(2) | Preclinical assets and programs |
TJ-L1IF: A novel PD-L1/IFN-α antibody-cytokine fusion protein, which is specifically designed for the treatment of PD-1/PD-L1 resistant tumors through the addition of a strong immune adjuvant (interferon-alpha, IFN-α) to potentially convert “cold” tumor to “hot” tumor on top of a PD-L1 antibody to achieve superior anti-tumor activity than PD-(L)1 antibody monotherapy. Novel drug molecules with such design is badly needed to address the current clinical challenges where a majority of cancer patients do not or poorly respond to PD-1/PDL-1 therapies.
IFN-α was the first cytokine approved for cancer treatment, but its clinical use is highly limited due to considerable systemic toxicity. TJ-L1IF is composed of a PD-L1 VHH nanobody linked with the Fc of human IgG with an engineered IFN-α2b fused at the C-terminus. It is a prodrug in that the IFN-α2b moiety is masked by a PEG group through a protease-cleavable linker rendering the drug inactive in the systemic circulation, thus strongly reducing systemic toxicity. Once the drug accumulates at the tumor site by PD-L1 antibody targeting, the linker is cleaved by proteases that are highly expressed in the tumor environment to achieve specific activation only at the tumor site. This unique property of TJ-L1IF has been confirmed in a series of in vitro and in vivo studies, in which TJ-L1IF demonstrated plasma stability, good safety in cynomolgus monkeys, and superior anti-tumor activity in the PD-1/PD-L1 resistant tumor models, than that achieved by PD-L1 antibody or IFN-α used either alone or in combination. After the first dose of treatment, the active format of the drug was quickly detected and accumulated in the tumor but not in the periphery, confirming the local delivery and conversion to an active form of IFN-α at the tumor site (Figure 2).
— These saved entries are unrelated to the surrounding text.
Definition stone_basic (L : set S) : set (stone B) := [set U | sval U L].

Definition stone_at (t : S) : stone B := exist _ (uf_at t) (uf_at_ultra t).

Lemma stone_val_inj (U V : stone B) : sval U = sval V -> U = V.
Proof. by case: U V => [U hU] [V hV] /= UV; apply: eq_exist. Qed.

Lemma stone_basic_bigcap (E : {fset set S}) : (forall L, L \in E -> B L) ->
  \bigcap_(L in [set` E]) stone_basic L = stone_basic (\bigcap_(L in [set` E]) L).
Proof.
move=> EB; apply/seteqP; split=> U /= EU.
  exact: bigcap_fset_closed (ufT (svalP U)) (ufI (svalP U)) _ _ _ EU.
by move=> L LE; apply: (ufS (svalP U) EU (EB L LE)) => t /(_ L LE).
Qed.

Lemma nbhs_stoneP (U : stone B) (A : set (stone B)) :
  nbhs U A <-> exists L, [/\ B L, sval U L & stone_basic L `<=` A].
Proof.
split=> [|[L [BL UL LA]]].
  case=> O [[D DO <-] [i Di Ui] OA].
  have [E EB Ei] := DO i Di.
  have {}EB L : L \in E -> B L by move/EB/set_mem.
  have {}Ei : i = stone_basic (\bigcap_(L in [set` E]) L).
    by rewrite -Ei -(stone_basic_bigcap EB).
  exists (\bigcap_(L in [set` E]) L); split.
  - exact: bigcap_fset_closed boolalgT boolalgI _ _ _ EB.
  - by rewrite Ei in Ui.
  - by rewrite -Ei => V iV; apply: OA; exists i.
exists (stone_basic L); split=> //.
exists [set stone_basic L]; last by rewrite bigcup_set1.
by move=> _ ->; exact: finI_from1.
Qed.

Lemma open_stone_basic L : B L -> open (stone_basic L).
Proof.
by move=> BL; rewrite openE => U UL; rewrite /interior; apply/nbhs_stoneP; exists L; split.
Qed.

Lemma stone_basicC L : B L -> stone_basic (~` L) = ~` stone_basic L.
Proof.
move=> BL; apply/seteqP; split=> U /=; last exact: (ufC (svalP U) BL).
by move=> ULC UL; exact: (uf_notC (svalP U) UL ULC).
Qed.

Lemma clopen_stone_basic L : B L -> clopen (stone_basic L).
Proof.
move=> BL; split; first exact: open_stone_basic.
by rewrite -[stone_basic L]setCK -stone_basicC //; apply/open_closedC/open_stone_basic/boolalgC.
Qed.

Lemma stone_zero_dim : zero_dim (stone B).
Proof.
move=> U O /[swap] OU; rewrite openE => /(_ U OU) /nbhs_stoneP [L [BL UL LO]].
by exists (stone_basic L); split=> //; exact: clopen_stone_basic.
Qed.

Lemma stone_hausdorff : hausdorff_space (stone B).
Proof.
rewrite open_hausdorff => U V /eqP UV.
have [L UL nVL] : exists2 L, sval U L & ~ sval V L.
  apply: contrapT => nsep; apply/UV/stone_val_inj/uf_subset_eq; try exact: svalP.
  by move=> L UL; apply: contrapT => nVL; apply: nsep; exists L.
have BL := ufB (svalP U) UL.
exists (stone_basic L, stone_basic (~` L)).
- by rewrite !in_setE; split=> //=; exact: (ufC (svalP V) BL nVL).
- split; [exact: open_stone_basic|exact/open_stone_basic/boolalgC|].
  by rewrite stone_basicC // setICr.
Qed.

Lemma stone_compact : compact [set: stone B].
Proof.
rewrite compact_ultra => G G_ultra _.
pose lim := [set L | B L /\ G (stone_basic L)].
have lim_ultra : ultrafilter_of B lim.
  split=> [L []//|||L M [BL GL] [BM GM]|L BL].
  - split.
      split; first exact: boolalgT.
      by apply: filterS filterT => U _; exact: (ufT (svalP U)).
    case=> _ G0; apply: (@filter_not_empty _ G _).
    by apply: filterS G0 => U /(uf_neq0 (svalP U)).
  - move=> L M [_ GL] BM LM; split=> //.
    by apply: filterS GL => U UL; exact: (ufS (svalP U) UL BM LM).
  - split; first exact: boolalgI.
    by apply: filterS (filterI GL GM) => U [UL UM]; exact: (ufI (svalP U) UL UM).
  - have [GL|GLC] := in_ultra_setVsetC (stone_basic L) G_ultra; first by left.
    by right; split; [exact: boolalgC|rewrite stone_basicC].
exists (exist _ lim lim_ultra); split=> // A /nbhs_stoneP [L [_ [_ GL] LA]].
exact: filterS LA GL.
Qed.

Lemma dense_range_stone_at : dense (range stone_at).
Proof.
move=> O [U OU]; rewrite openE => /(_ U OU) /nbhs_stoneP [L [BL UL LO]].
have [t Lt] := uf_nonempty (svalP U) UL.
by exists (stone_at t); split; [exact: LO|exists t].
Qed.

Lemma continuous_stone_at_comp (Y : topologicalType) (f : Y -> S) :
  (forall L, B L -> open (f @^-1` L)) -> continuous (stone_at \o f).
Proof.
move=> fB y A /nbhs_stoneP [L [BL [_ Lfy] LA]].
apply: (filterS (P := f @^-1` L)) => [z Lfz|]; first by apply: LA.
by apply: open_nbhs_nbhs; split=> //; exact: fB.
Qed.

End BooleanAlgebra.

Lemma dense_subset (T : topologicalType) (A D : set T) :
  A `<=` D -> dense A -> dense D.
Proof.
move=> AD dA O O0 oO; have [x [Ox Ax]] := dA O O0 oO.
by exists x; split; [|exact: AD].
Qed.

Section TermAlgebra.
Variables (Om : nat -> topologicalType) (X : Type) (B : set (set (term X Om))).
Hypothesis HB : is_boolalg B.

Local Notation T := (term X Om).

Definition box n (K : set (Om n)) (Ls : 'I_n -> set T) : set (Om n * ('I_n -> T)) :=
  [set p | K p.1 /\ forall i, Ls i (p.2 i)].

Definition box_filter n (w : Om n) (Us : 'I_n -> set (set T)) :
    set (set (Om n * ('I_n -> T))) :=
  [set P | exists K Ls, [/\ clopen K, K w, (forall i, Us i (Ls i)) & box K Ls `<=` P]].

Section BoxFilter.
Variables (n : nat) (w : Om n) (Us : 'I_n -> set (set T)).
Hypothesis hUs : forall i, ultrafilter_of B (Us i).

Lemma uf_family_point (Ls : 'I_n -> set T) : (forall i, Us i (Ls i)) ->
  exists ts : 'I_n -> T, forall i, Ls i (ts i).
Proof.
move=> UL; have [ts tsL] := @boolp.choice _ _ Ls (fun i => uf_nonempty (hUs i) (UL i)).
by exists ts.
Qed.

Lemma box_filterT : box_filter w Us setT.
Proof. by exists setT, (fun=> setT); split=> // [|i]; [exact: clopenT|exact: (ufT (hUs i))]. Qed.

Lemma box_filterS P Q : box_filter w Us P -> P `<=` Q -> box_filter w Us Q.
Proof. by case=> K [Ls [cK Kw UL KP]] PQ; exists K, Ls; split=> //; exact: subset_trans PQ. Qed.

Lemma box_filterI P Q :
  box_filter w Us P -> box_filter w Us Q -> box_filter w Us (P `&` Q).
Proof.
case=> K [Ls [cK Kw UL KP]] [K' [Ls' [cK' K'w UL' KQ]]].
exists (K `&` K'), (fun i => Ls i `&` Ls' i); split.
- exact: clopenI.
- by [].
- by move=> i; exact: (ufI (hUs i) (UL i) (UL' i)).
- move=> p [[pK pK'] pL]; split; [apply: KP|apply: KQ]; split=> // i; by case: (pL i).
Qed.

(* The sets decided by [box_filter w Us] form a Boolean algebra, so it suffices
   to decide the boxes that generate [B'_n]. *)
Lemma box_filterVC P : Bprime B P -> box_filter w Us P \/ box_filter w Us (~` P).
Proof.
move/(_ [set P | box_filter w Us P \/ box_filter w Us (~` P)]); apply; first split.
- by left; exact: box_filterT.
- by move=> Q [FQ|FQC]; [right; rewrite setCK|left].
- move=> Q R [FQ|FQC] [FR|FRC].
  + by left; apply: box_filterS FQ _; exact: subsetUl.
  + by left; apply: box_filterS FQ _; exact: subsetUl.
  + by left; apply: box_filterS FR _; exact: subsetUr.
  + by right; rewrite setCU; exact: box_filterI.
move=> _ [K [Ls [cK BL ->]]].
have [Kw|nKw] := pselect (K w); last first.
  right; exists (~` K), (fun=> setT); split=> //.
  - exact: clopenC.
  - by move=> i; exact: (ufT (hUs i)).
  - by move=> p [pK _] [].
have [UL|] := pselect (forall i, Us i (Ls i)); first by left; exists K, Ls; split.
move=> /existsNP [j nULj]; right.
exists setT, (fun i => if i == j then ~` Ls j else setT); split=> //.
- exact: clopenT.
- move=> i; case: eqP => [->|_]; last exact: (ufT (hUs i)).
  exact: (ufC (hUs j) (BL j) nULj).
- by move=> p [_ pL] [_ /(_ j)]; have := pL j; rewrite eqxx.
Qed.

End BoxFilter.

Section Operations.
Hypothesis Hs : cond_star B.

Lemma wU_box_filter n (w : Om n) (Us : 'I_n -> set (set T)) :
  (forall i, ultrafilter_of B (Us i)) ->
  forall L, B L -> wU B w Us L <-> box_filter w Us (@Eval X Om n @^-1` L).
Proof.
move=> hUs L BL; split=> [[_ [Ls [UL wLs]]]|[K [Ls [_ Kw UL KL]]]]; last first.
  by split=> //; exists Ls; split=> // _ [ts tsL <-]; apply: (KL (w, ts)).
have [//|[K [Ls' [_ Kw UL' KLC]]]] := box_filterVC w hUs (Hs BL).
have [ts tsLL'] := uf_family_point hUs (fun i => ufI (hUs i) (UL i) (UL' i)).
have Lwts : L (Node w ts) by apply: wLs; exists ts => // i; case: (tsLL' i).
have wts : box K Ls' (w, ts) by split=> // i; case: (tsLL' i).
by move/KLC: wts.
Qed.

Lemma wU_ultra n (w : Om n) (Us : 'I_n -> set (set T)) :
  (forall i, ultrafilter_of B (Us i)) -> ultrafilter_of B (wU B w Us).
Proof.
move=> hUs; have wUE := wU_box_filter w hUs.
split=> [L []//|||L M wL wM|L BL].
- split; first by apply/(wUE _ (boolalgT HB)); exact: box_filterT.
  case=> _ [Ls [UL wLs]]; have [ts tsL] := uf_family_point hUs UL.
  by apply: (wLs (Node w ts)); exists ts.
- move=> L M [_ [Ls [UL wLs]]] BM LM; split=> //; exists Ls; split=> //.
  exact: subset_trans LM.
- have [[BL _] [BM _]] := (wL, wM).
  apply/(wUE _ (boolalgI HB BL BM)); rewrite preimage_setI.
  by apply: (box_filterI hUs); [apply/(wUE _ BL)|apply/(wUE _ BM)].
- rewrite (propext (wUE _ BL)) (propext (wUE _ (boolalgC HB BL))) preimage_setC.
  exact: (box_filterVC w hUs (Hs BL)).
Qed.

Lemma wU_uf_at n (w : Om n) (ts : 'I_n -> T) :
  wU B w (fun i => uf_at B (ts i)) = uf_at B (Node w ts).
Proof.
apply: uf_subset_eq; [exact: wU_ultra (fun i => uf_at_ultra HB (ts i))|exact: uf_at_ultra|].
by move=> L [BL [Ls [tsL wLs]]]; split=> //; apply: wLs; exists ts => // i; case: (tsL i).
Qed.

Definition stone_eval n (p : Om n * {ptws 'I_n -> stone B}) : stone B :=
  exist _ (wU B p.1 (fun i => sval (p.2 i))) (wU_ultra p.1 (fun i => svalP (p.2 i))).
TJ-L1IF was developed using Affinity’s TMEA technology and is now under pre-clinical development.
Figure 2. In vivo anti-tumor activity of TJ-L1IF in PD-L1 resistant tumor model. (a) NSG mice transplanted subcutaneously with colon cancer cell line were treated with Tecentriq (10 mg/kg) alone, Tecentriq (10 mg/kg) and PEG-IFNa (1 mg/kg) combination and TJ-L1IF (3 mg/kg) twice a week. (b) The concentration of PEG cleaved active and PEG masked L1IF was measured in tumor and serum, respectively at 8h and 48h post the first dosing. The ratio of the level of active to that of masked L1IF was calculated.
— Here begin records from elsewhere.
(* Let $n,\ell$ be positive integers, let $f:(\mathbb{R}^n,0)\to(\mathbb{R}^n,0)$ be a $C^\infty$ map-germ, and for each $i$ with $1\le i\le \ell$ let $\mu_i:(\mathbb{R}^n,0)\to\mathbb{R}$ be a $C^\infty$ function-germ. Then the map-germ $F:(\mathbb{R}^n,0)\to\mathbb{R}^{n+\ell}$ defined by \[ F=\left(f,\ \mu_1|Jf|^2,\ \ldots,\ \mu_\ell|Jf|^2\right) \] is a frontal.
   Context: All map-germs, function-germs and vector fields are $C^\infty$. For a map-germ $f:(\mathbb{R}^n,0)\to(\mathbb{R}^n,0)$, $|Jf|$ denotes the Jacobian determinant of $f$ (so $|Jf|^2$ is its square). A vector field along a map-germ $F:(\mathbb{R}^n,0)\to\mathbb{R}^{n+\ell}$ is a germ $\Phi:(\mathbb{R}^n,0)\to T\mathbb{R}^{n+\ell}$ with $\pi\circ\Phi=F$, where $\pi$ is the tangent bundle projection; write $\Phi(x)=(F(x),\phi(x))$ with $\phi(x)\in T_{F(x)}\mathbb{R}^{n+\ell}\cong\mathbb{R}^{n+\ell}$. $F$ is called a frontal if there exist vector fields $\Phi_1,\ldots,\Phi_\ell$ along $F$, $\Phi_i=(F,\phi_i)$, such that: (1) for every $i$ and every germ of vector field $\xi$ on $(\mathbb{R}^n,0)$, $\phi_i(x)\cdot dF_x(\xi(x))=0$ (Euclidean scalar product) for all $x$ near $0$; (2) $\phi_i(0)\neq 0$ for every $i$; (3) $\phi_1(0),\ldots,\phi_\ell(0)$ are linearly independent. *)

From HB Require Import structures.
From mathcomp Require Import all_boot all_order all_algebra.
From mathcomp Require Import all_classical all_reals all_analysis.
Set Implicit Arguments. Unset Strict Implicit. Unset Printing Implicit Defensive.
Import Order.TTheory GRing.Theory Num.Theory.
Import numFieldNormedType.Exports.
Local Open Scope classical_set_scope.
Local Open Scope ring_scope.

Section Defs.
Variable R : realType.

Definition ebasis (n : nat) (i : 'I_n) : 'rV[R]_n := delta_mx 0 i.

Definition iter_partial (n : nat) (s : seq 'I_n) (g : 'rV[R]_n -> R)
  : 'rV[R]_n -> R :=
  foldr (fun i h => fun x => derive h x (ebasis i)) g s.

Definition smooth_fun_germ (n : nat) (g : 'rV[R]_n -> R) : Prop :=
  \forall x \near (0 : 'rV[R]_n),
    forall s : seq 'I_n,
      {for x, continuous (iter_partial s g)} /\
      (forall i : 'I_n, derivable (iter_partial s g) x (ebasis i)).

Definition smooth_map_germ (n m : nat) (g : 'rV[R]_n -> 'rV[R]_m) : Prop :=
  forall j : 'I_m, smooth_fun_germ (fun x => g x ord0 j).

Definition jacdet (n : nat) (f : 'rV[R]_n -> 'rV[R]_n) (x : 'rV[R]_n) : R :=
  \det (\matrix_(i < n, j < n) derive (fun y => f y ord0 i) x (ebasis j)).

Definition dotp (m : nat) (a b : 'rV[R]_m) : R := \sum_(k < m) a ord0 k * b ord0 k.

(* F : (R^n,0) -> R^(n+l) is a frontal: there exist C^oo vector fields
   Phi_i = (F, phi_i) along F satisfying (1), (2), (3). *)
Definition frontal (n l : nat) (F : 'rV[R]_n -> 'rV[R]_(n + l)) : Prop :=
  exists phi : 'I_l -> 'rV[R]_n -> 'rV[R]_(n + l),
    (forall i, smooth_map_germ (phi i)) /\
    (forall (i : 'I_l) (xi : 'rV[R]_n -> 'rV[R]_n), smooth_map_germ xi ->
       \forall x \near (0 : 'rV[R]_n), dotp (phi i x) ('d F x (xi x)) = 0) /\
    (forall i, phi i 0 != 0) /\
    row_free (\matrix_(i < l) phi i 0).

End Defs.

(* Write J = |Jf| and Df for the Jacobian matrix of f.  The product rule gives
   d(mu_i J^2) = J c_i with c_i = J dmu_i + 2 mu_i dJ, and Cramer's rule
   adj(Df) Df = J turns this into d(mu_i J^2) = c_i adj(Df) Df.  Hence the
   vector fields phi_i = (-c_i adj(Df), e_i) annihilate dF = (Df, d(mu J^2));
   their last l coordinates form the identity matrix, so they are linearly
   independent, and their entries are polynomials in the partial derivatives
   of f and mu, hence smooth. *)

From HB Require Import structures.
From mathcomp Require Import all_boot all_order all_algebra.
From mathcomp Require Import all_classical all_reals all_analysis.
From mathcomp Require Import ring.
Set Implicit Arguments.
Unset Strict Implicit.
Import GRing.Theory.
Import numFieldNormedType.Exports.
Local Open Scope ring_scope.

Section SmoothAtPoint.
Variables (R : realType) (n : nat).
Local Notation V := 'rV[R]_n.
Implicit Types (g a b : V -> R) (x y : V).

Definition partial (j : 'I_n) g : V -> R := fun x => 'D_(ebasis R j) g x.

Lemma iter_partial_rcons s j g :
  iter_partial (rcons s j) g = iter_partial s (partial j g).
Proof. by rewrite /iter_partial foldr_rcons. Qed.

Definition cont_derivable g x :=
  {for x, continuous g} /\ forall j, derivable g x (ebasis R j).

Definition smooth_upto (k : nat) g x :=
  forall s : seq 'I_n, (size s <= k)%N -> cont_derivable (iter_partial s g) x.

Definition smooth_at g x := forall k, smooth_upto k g x.

Lemma smooth_upto0 g x : smooth_upto 0 g x <-> cont_derivable g x.
Proof.
split=> [H | H [_ | j s hs]]; first exact: (H [::] isT).
  exact: H.
discriminate hs.
Qed.

Lemma smooth_uptoS k g x : smooth_upto k.+1 g x <->
  cont_derivable g x /\ forall j, smooth_upto k (partial j g) x.
Proof.
split=> [H | [H0 H] s].
  split=> [|j s Hs]; first exact: (H [::]).
  by rewrite -iter_partial_rcons; apply: H; rewrite size_rcons.
case/lastP: s => [_ //|s j]; rewrite size_rcons ltnS iter_partial_rcons.
exact: H.
Qed.

Lemma smooth_at_cont_derivable g x : smooth_at g x -> cont_derivable g x.
Proof. by move=> /(_ 0%N) /smooth_upto0. Qed.

Lemma smooth_at_partial j g x : smooth_at g x -> smooth_at (partial j g) x.
Proof. by move=> H k; have /smooth_uptoS[_] := H k.+1; apply. Qed.

Lemma near_eq_iter_partial s a b x : (\forall y \near x, a y = b y) ->
  \forall y \near x, iter_partial s a y = iter_partial s b y.
Proof.
elim: s => [//|j s IH] /IH /near_join; apply: filterS => y Hy.
exact: near_eq_derive.
Qed.

Lemma near_eq_cont_derivable a b x : (\forall y \near x, a y = b y) ->
  cont_derivable a x -> cont_derivable b x.
Proof.
move=> E [ca da]; split=> [|j]; last exact: near_eq_derivable (da j).
rewrite /prop_for /continuous_at -(nbhs_singleton E).
exact: cvg_trans (near_eq_cvg E) ca.
Qed.

Lemma near_eq_smooth_upto k a b x : (\forall y \near x, a y = b y) ->
  smooth_upto k a x -> smooth_upto k b x.
Proof.
move=> E H s /H; apply: near_eq_cont_derivable.
exact: near_eq_iter_partial.
Qed.

Lemma cont_derivable_cst (c : R) x : cont_derivable (fun _ => c) x.
Proof. by split=> [|j]; [exact: cst_continuous | exact: derivable_cst]. Qed.

Lemma smooth_at_cst (c : R) x : smooth_at (fun _ => c) x.
Proof.
move=> k; elim: k c => [|k IH] c.
  by apply/smooth_upto0; exact: cont_derivable_cst.
apply/smooth_uptoS; split=> [|j]; first exact: cont_derivable_cst.
have -> : partial j (fun _ => c) = fun _ => 0.
  by apply/funext => y; exact: derive_cst.
exact: IH.
Qed.

Lemma cont_derivableD a b x : cont_derivable a x -> cont_derivable b x ->
  cont_derivable (fun y => a y + b y) x.
Proof.
move=> [ca da] [cb db].
by split=> [|j]; [exact: (cvgD ca cb) | exact: derivableD].
Qed.

Lemma cont_derivableM a b x : cont_derivable a x -> cont_derivable b x ->
  cont_derivable (fun y => a y * b y) x.
Proof.
move=> [ca da] [cb db].
by split=> [|j]; [exact: (cvgM ca cb) | exact: derivableM].
Qed.

Lemma partialD j a b x : cont_derivable a x -> cont_derivable b x ->
  partial j (fun y => a y + b y) x = partial j a x + partial j b x.
Proof. by move=> [_ da] [_ db]; exact: deriveD. Qed.

Lemma partialM j a b x : cont_derivable a x -> cont_derivable b x ->
  partial j (fun y => a y * b y) x = partial j a x * b x + a x * partial j b x.
Proof.
move=> [_ da] [_ db]; rewrite /partial (deriveM (da j) (db j)).
by rewrite addrC mulrC.
Qed.

Lemma smooth_uptoD k a b y :
  (\forall z \near y, smooth_upto k a z /\ smooth_upto k b z) ->
  smooth_upto k (fun z => a z + b z) y.
Proof.
elim: k a b y => [|k IH] a b y H.
  have [/smooth_upto0 ha /smooth_upto0 hb] := nbhs_singleton H.
  by apply/smooth_upto0; exact: cont_derivableD.
have [/smooth_uptoS[ha _] /smooth_uptoS[hb _]] := nbhs_singleton H.
apply/smooth_uptoS; split=> [|j]; first exact: cont_derivableD.
have E : \forall z \near y,
    partial j a z + partial j b z = partial j (fun z => a z + b z) z.
  apply: filterS H => z [/smooth_uptoS[az _] /smooth_uptoS[bz _]].
  by rewrite partialD.
apply: near_eq_smooth_upto E _; apply: IH.
by apply: filterS H => z [/smooth_uptoS[_ haz] /smooth_uptoS[_ hbz]].
Qed.

Lemma smooth_atD a b y : (\forall z \near y, smooth_at a z /\ smooth_at b z) ->
  smooth_at (fun z => a z + b z) y.
Proof. by move=> H k; apply: smooth_uptoD; apply: filterS H => z [ha hb]. Qed.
TJ-C64B: Our third bispecific molecule being developed by leveraging a conditional 4-1BB platform which has the advantage of minimizing liver toxicity with an increased therapeutic window. It is specifically designed to simultaneously target Claudin 6 (CLDN6), uniquely expressed in specific cancer types, including ovarian cancer cells, and 4-1BB expressed by T cells to mediate the T cell killing of CLDN6+ tumor cells. CLDN6 is hardly detectable in normal adult tissues to ensure treatment specificity for ovarian cancers. We have achieved candidate selection and is actively progressing the pre-clinical development of the candidate molecule.
TJ-C64B activates T cells through 4-1BB stimulation only upon CLDN6 engagement, providing a localized immune activation in tumors with expected efficacy and reduced systemic toxicity. Owing to a competent Fc, TJ-C64B has an added advantage of specifically depleting CLDN6-expressing tumor cells and intra-tumor regulatory T cells highly expressing 4-1BB, which differentiates it from other 4-1BB bispecific antibodies under clinical development. As published in AACR 2022, pre-clinical data showed that TJ-C64B enhances CLDN6-dependent T cell activation upon the engagement of cancer cell lines with different CLDN6 expression levels. In a syngeneic mouse model, TJ-C64B treatment induces strong anti-tumor activity with complete tumor regression in all tested mice at the dose of 4.5 mg/kg and long-term protection from tumor re-challenge through the immunological memory response. Further, ex vivo analysis confirms localized immune activation by TJ-C64B as evident by the increased CD8+ T cells, specifically those residing in tumors (Figure 3). TJ-C64B is now under pre-clinical development and we plan to submit an IND in the U.S. around mid-2023.